No se niega que la responsabilidad es de cada persona. Ya al profeta se le dice que amoneste al pecador: «si no cambia de conducta, él morirá por su culpa». Pero los hermanos deben asumir su parte de responsabilidad en la suerte de cada uno. Un centinela tiene que avisar. Un esposo o una esposa deben ayudar a su cónyuge a corregirse de sus defectos. Un padre no siempre tiene que callar respecto a la conducta y las costumbres que va adquiriendo su hijo. Ni el maestro o el educador permitirlo todo en sus alumnos. Ni un amigo desentenderse cuando ve que su amigo va por mal camino. Ni un obispo dejar de ejercer su guía pastoral en la diócesis.
La comunidad cristiana no es perfecta. Coexisten en ella, como en cada uno de nosotros, el bien y el mal. Pero, como todos formamos parte de esa comunidad, todos somos un poco corresponsables en ella: de un modo particular los que tienen la misión de la autoridad, pero también todos los demás.
Eso pasa dentro de la Iglesia. Son impresionantes al respecto las siete cartas del ángel a las siete iglesias del Apocalipsis, en las que con las alabanzas y ánimos, se mezclan también palabras muy expresivas de corrección y acusación.
Pero también pasa a un cristiano en su relación con la sociedad. Tanto los responsables de la comunidad como los simples fieles, tienen el deber de llamar la atención en contra de la corrupción de las poderosos o de las injusticias que se cometen contra los débiles o de las desviaciones graves que afectan a los derechos humanos o los de la comunidad eclesial o de los episodios graves de racismo o genocidio…
Dios quiere la salvación de todos. Jesús se entregó por todos, y dijo que no había venido a salvar a los justos, sino a los pecadores, como el médico no está para los sanos, sino precisamente para los enfermos. Así nosotros, los seguidores de Jesús, debemos querer la salvación de todos y no podemos desentendernos del hermano, también cuando le vemos tentado o frágil y en peligro de caer. Se nos pide, no sólo que no hagamos el mal, sino que nos esforcemos en hacer positivamente el bien. Además de los pecados depensamiento y de obra, existen también, como recordamos en la oración del «yo confieso», los pecados «de omisión».
La corrección fraterna bien hecha no sólo aporta beneficios al hermano -aunque de momento tal vez reaccione con disgusto- sino también al que la realiza: «has ganado a un hermano». Es interesante cómo termina Santiago su carta: «Si alguno de vosotros se desvía de la verdad y otro le convierte, sepa que el que convierte a un pecador de su camino desviado, salvará su alma de la muerte y cubrirá multitud de pecados».
La pedagogía de una corrección eficaz
Los «pasos» que recomienda Jesús para realizar con delicadeza y eficacia esta corrección al hermano son ya conocidos en el AT., y se intentaban seguir también en el ámbito de la sinagoga judía, cuando se trataba de expulsar a alguien de ella.
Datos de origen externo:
Lemma deriv_flatten_ctx G E M p :
  (forall a, In a G -> flattens a) -> extends sim_base E ->
  (forall F, extends E F -> forall K, ctx_supp F K G -> deriv F (M ++ K) p) ->
  deriv E (M ++ map fl G) p.
Proof.
  revert E M. induction G as [|a G IH]; intros E M HG HE H; simpl.
  - apply H; [apply extends_refl | constructor].
  - apply d_perm with ((M ++ map fl G) ++ [fl a]).
    { rewrite <- app_assoc. apply Permutation_app_head, Permutation_sym,
        Permutation_cons_append. }
    apply deriv_flatten_ant; [apply HG; now left | exact HE |]. intros F HF Ka Ha.
    apply d_perm with ((M ++ Ka) ++ map fl G).
    { rewrite <- !app_assoc. apply Permutation_app_head, Permutation_app_comm. }
    apply IH; [intros; apply HG; now right | eauto using extends_trans |].
    intros F' HF' K HK. rewrite <- app_assoc. apply H; [eauto using extends_trans|].
    constructor; eauto using ant_supp_extends.
Qed.

Lemma flattens_Atom p : flattens (Atom p).
Proof. intros D HD L. simpl. now rewrite fl_Atom. Qed.

Lemma flattens_Top : InS Top -> flattens Top.
Proof. intros Hin D HD L. simpl. split; [intros _; now apply deriv_topI | auto]. Qed.

Lemma flattens_Zero : InS Zero -> flattens Zero.
Proof.
  intros Hin D HD L. simpl. split.
  - intros H. specialize (H (fl Zero) []). now rewrite app_nil_r in H.
  - intros H p K. now apply deriv_zeroE.
Qed.

Lemma flattens_One : InS One -> flattens One.
Proof.
  intros Hin D HD L. simpl. split.
  - intros H. rewrite <- (app_nil_r L). apply H; auto using extends_refl.
    now apply deriv_oneI.
  - intros H C HC K p Hp.
    apply deriv_oneE; eauto using extends_trans, deriv_extends.
Qed.

Lemma flattens_Limp a b :
  InS (Limp a b) -> flattens a -> flattens b -> flattens (Limp a b).
Proof.
  intros Hin Ha Hb D HD L. rewrite supp_limp. split.
  - intros H. apply deriv_limpI; auto.
    apply deriv_flatten_ant; auto. intros F HF Ka HKa.
    apply (Hb F); eauto using extends_trans.
  - intros H C HC K HK.
    assert (HC' : extends sim_base C) by eauto using extends_trans.
    apply (Hb C HC').
    apply (deriv_limpE C HC' a); eauto using deriv_extends, deriv_of_ant_supp.
Qed.

Lemma flattens_Tensor a b :
  InS (Tensor a b) -> flattens a -> flattens b -> flattens (Tensor a b).
Proof.
  intros Hin Ha Hb D HD L. rewrite supp_tensor. split.
  - intros H. rewrite <- (app_nil_r L). apply H; [apply extends_refl|].
    intros F HF Ka Kb HKa HKb. simpl.
    assert (HF' : extends sim_base F) by eauto using extends_trans.
    apply deriv_tensorI; eauto using deriv_of_ant_supp.
  - intros H C HC K p Hp.
    assert (HC' : extends sim_base C) by eauto using extends_trans.
    apply (deriv_tensorE C HC' a b); eauto using deriv_extends.
    change (K ++ [fl a; fl b]) with (K ++ [fl a] ++ [fl b]). rewrite app_assoc.
    apply deriv_flatten_ant; auto. intros F HF Kb HKb.
    apply d_perm with ((K ++ Kb) ++ [fl a]).
    { rewrite <- !app_assoc. apply Permutation_app_head, Permutation_app_comm. }
    apply deriv_flatten_ant; eauto using extends_trans. intros G HG Ka HKa.
    apply d_perm with (K ++ Ka ++ Kb).
    { rewrite <- !app_assoc. apply Permutation_app_head, Permutation_app_comm. }
    apply Hp; eauto using extends_trans, ant_supp_extends.
Qed.

Lemma flattens_With a b :
  InS (With a b) -> flattens a -> flattens b -> flattens (With a b).
Proof.
  intros Hin Ha Hb D HD L. simpl. rewrite (Ha D HD), (Hb D HD). split.
  - intros [H1 H2]. now apply deriv_withI.
  - intros H. split; [eapply deriv_withE1 | eapply deriv_withE2]; eauto.
Qed.

Lemma flattens_Plus a b :
  InS (Plus a b) -> flattens a -> flattens b -> flattens (Plus a b).
Proof.
  intros Hin Ha Hb D HD L. rewrite supp_plus. split.
  - intros H. rewrite <- (app_nil_r L). apply H; [apply extends_refl| |];
      intros F HF K HK; assert (HF' : extends sim_base F) by eauto using extends_trans.
    + apply deriv_plusI1; eauto using deriv_of_ant_supp.
    + apply deriv_plusI2; eauto using deriv_of_ant_supp.
  - intros H C HC K p H1 H2.
    assert (HC' : extends sim_base C) by eauto using extends_trans.
    apply (deriv_plusE C HC' a b); eauto using deriv_extends, deriv_flatten_ant.
Qed.

Lemma flattens_Bang d : InS (Bang d) -> flattens d -> flattens (Bang d).
Proof.
  intros Hin Hd D HD L. simpl supp. split.
  - intros H. rewrite <- (app_nil_r L). apply H; [apply extends_refl|].
    intros F HF HdF. assert (HF' : extends sim_base F) by eauto using extends_trans.
    apply deriv_bangI; auto. now apply Hd.
  - intros H C HC K p Hp.
    assert (HC' : extends sim_base C) by eauto using extends_trans.
    set (E := add_axiom C (fl d)).
    assert (HCE : extends C E) by (intros r Hr; now left).
    assert (HdE : supp E [] d).
    { apply Hd; [eauto using extends_trans|].
      apply (deriv_app_boxes _ [] _ []); [now right | constructor]. }
    apply (deriv_cut_flbang C HC' d); eauto using deriv_extends.
    apply (deriv_discharge_axiom C HC' d); auto.
Qed.

Lemma flattens_all χ : InS χ -> flattens χ.
Proof.
  induction χ; intros Hin; pose proof (InS_closed _ Hin) as Hsub; simpl in Hsub.
  - apply flattens_Atom.
  - now apply flattens_Top.
  - now apply flattens_Zero.
  - now apply flattens_One.
  - apply flattens_Limp; tauto.
  - apply flattens_Tensor; tauto.
  - apply flattens_With; tauto.
  - apply flattens_Plus; tauto.
  - apply flattens_Bang; tauto.
Qed.

End Flattening.

Section Sharpening.

Variable unfl : atom -> formula.
Hypothesis unfl_fl : forall χ, InS χ -> unfl (fl χ) = χ.

Lemma sim_base_persistent e :
  persistent sim_base e -> exists δ, InS (Bang δ) /\ e = fl (Bang δ).
Proof. intros [S [HS Hne]]. inversion HS; subst; eauto; congruence. Qed.

Lemma nd_sim_rule A p Cs :
  sim_base (A, [], p) ->
  Forall2 (box_holds (fun M q => nd (map unfl M) (unfl q))) Cs A ->
  nd (map unfl (concat Cs)) (unfl p).
Proof.
  intros Hrule Hboxes.
  inversion Hrule; subst;
    match goal with Hin : InS _ |- _ => pose proof (InS_closed _ Hin); simpl in * end;
    repeat match goal with
    | H : Forall2 _ _ (_ :: _) |- _ => inversion H; subst; clear H
    | H : Forall2 _ _ [] |- _ => inversion H; subst; clear H
    | H : box_holds _ _ (_ :: _) |- _ => inversion H; subst; clear H
    | H : Forall _ (_ :: _) |- _ => inversion H; subst; clear H
    | H : box_holds _ _ [] |- _ => clear H
    end;
    cbn [concat fst snd] in *; rewrite ?app_nil_r, ?map_app in *; cbn [map] in *;
    repeat (rewrite unfl_fl in * by tauto).
  all: first
    [ now apply nd_limpI | now apply nd_limpE with a | now apply nd_tensorI
    | now apply nd_tensorE with a b | now apply nd_oneI | now apply nd_oneE
    | now apply nd_withI | now apply nd_withE1 with b | now apply nd_withE2 with a
    | now apply nd_plusI1 | now apply nd_plusI2 | now apply nd_plusE with a b
    | now apply nd_zero | now apply nd_top
    | now apply nd_der with d | now apply nd_wk with d | now apply nd_ctr with d ].
Qed.

Lemma nd_of_deriv L p : deriv sim_base L p -> nd (map unfl L) (unfl p).
Proof.
  induction 1 as [L L' p HP _ IH | p
                 | A S p Cs ext Hrule Hlen _ IHboxes Hpers _ IHext _ IHS].
  - eapply nd_perm; [apply Permutation_map, HP | exact IH].
  - apply nd_ax.
  - set (prems := map (fun e => (map unfl (fst e), unfl (snd e))) ext).
    assert (Hprems : forall G χ, In (G, χ) prems -> nd G χ /\ exists δ, χ = Bang δ).
    { intros G χ Hin. apply in_map_iff in Hin as [[Cj e] [[= <- <-] Hj]].
      destruct (sim_base_persistent e (Hpers Cj e Hj)) as [δ [Hδ ->]].
      pose proof (IHext Cj _ Hj) as HCj.
      rewrite unfl_fl in HCj |- * by exact Hδ. eauto. }
    assert (Hconcat : map unfl (concat (map fst ext)) = concat (map fst prems)).
    { unfold prems. now rewrite concat_map, !map_map. }
    rewrite map_app, Hconcat. destruct S as [|s S].
    + apply nd_weaken_bangs; auto. apply (nd_sim_rule A); auto.
      apply Forall2_of_combine; auto. intros Ci T HT.
      apply Forall_forall. intros [Q q] HQ. exact (IHboxes T Ci HT Q q HQ).
    + (* Only [sim_bangI] has a nonempty box [S]; it is read back as promotion. *)
      inversion Hrule as [| | | | | | | | | | | | | | d Hin | | |]; subst.
      destruct Cs; [|discriminate]. simpl. rewrite unfl_fl by exact Hin.
      apply nd_prom_bangs; auto.
      specialize (IHS [] (fl d) (or_introl eq_refl)).
      rewrite app_nil_r, map_map, unfl_fl in IHS by now apply InS_closed in Hin.
      unfold prems. now rewrite map_map.
Qed.

End Sharpening.

End Simulation.

Fixpoint subformulas (χ : formula) : list formula :=
  χ :: match χ with
       | Limp a b | Tensor a b | With a b | Plus a b => subformulas a ++ subformulas b
       | Bang a => subformulas a
       | _ => []
       end.

Lemma subformulas_refl χ : In χ (subformulas χ).
Proof. destruct χ; now left. Qed.

Lemma subformulas_trans ψ χ :
  In χ (subformulas ψ) -> incl (subformulas χ) (subformulas ψ).
Proof.
  revert χ. induction ψ; simpl; intros χ [<-|H]; try apply incl_refl; try contradiction.
  all: try (apply in_app_or in H as [H|H];
            [apply incl_tl, incl_appl | apply incl_tl, incl_appr]; auto).
  all: apply incl_tl; auto.
Qed.

Lemma In_subformulas_concat l χ : In χ l -> In χ (concat (map subformulas l)).
Proof.
  intros H. apply in_concat. exists (subformulas χ).
  split; [now apply in_map | apply subformulas_refl].
Qed.

Lemma subformulas_concat_closed l :
  subformula_closed (fun χ => In χ (concat (map subformulas l))).
Proof.
  assert (Hsub : forall χ a, In χ (concat (map subformulas l)) ->
                   In a (subformulas χ) -> In a (concat (map subformulas l))).
  { intros χ a Hχ Ha. apply in_concat in Hχ as [s [Hs Hχ]].
    apply in_map_iff in Hs as [ψ [<- Hψ]].
    apply in_concat. exists (subformulas ψ). split; [now apply in_map|].
    exact (subformulas_trans ψ χ Hχ a Ha). }
  intros χ Hχ. destruct χ; auto; simpl.
  all: try split; apply (Hsub _ _ Hχ); simpl; right; try apply in_or_app;
    auto using subformulas_refl.
Qed.

Definition formula_eq_dec (x y : formula) : {x = y} + {x <> y}.
Proof. decide equality; apply Nat.eq_dec. Defined.

Fixpoint position (x : formula) (l : list formula) : nat :=
  match l with
  | [] => 0
  | y :: l' => if formula_eq_dec x y then 0 else S (position x l')
  end.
El primer paso es una conversación privada, un diálogo personal. En el AT ya se recomendaba esta corrección como uno de los modos de mostrar el amor al prójimo: «no odies a tu hermano, pero corrige a tu prójimo, para que no cargues con pecado por su causa» (Lv 19,17). Un caso particular de este primer paso es el del sacramento de la Reconciliación, en diálogo con el ministro y el penitente, discerniendo la dirección de su vida. Aunque este caso se refiere a cuando el mismo penitente se ha acercado y acusa su pecado.
El segundo paso es la advertencia ante uno o dos testigos (ya en Dt 19,15). Así se da cuenta el corregido de que la cosa es seria e importante, y puede sentirse movido a corregirse. Aunque de momento no le guste, y pueda reaccionar con una respuesta un tanto destemplada: «¡ocúpate de tus asuntos!».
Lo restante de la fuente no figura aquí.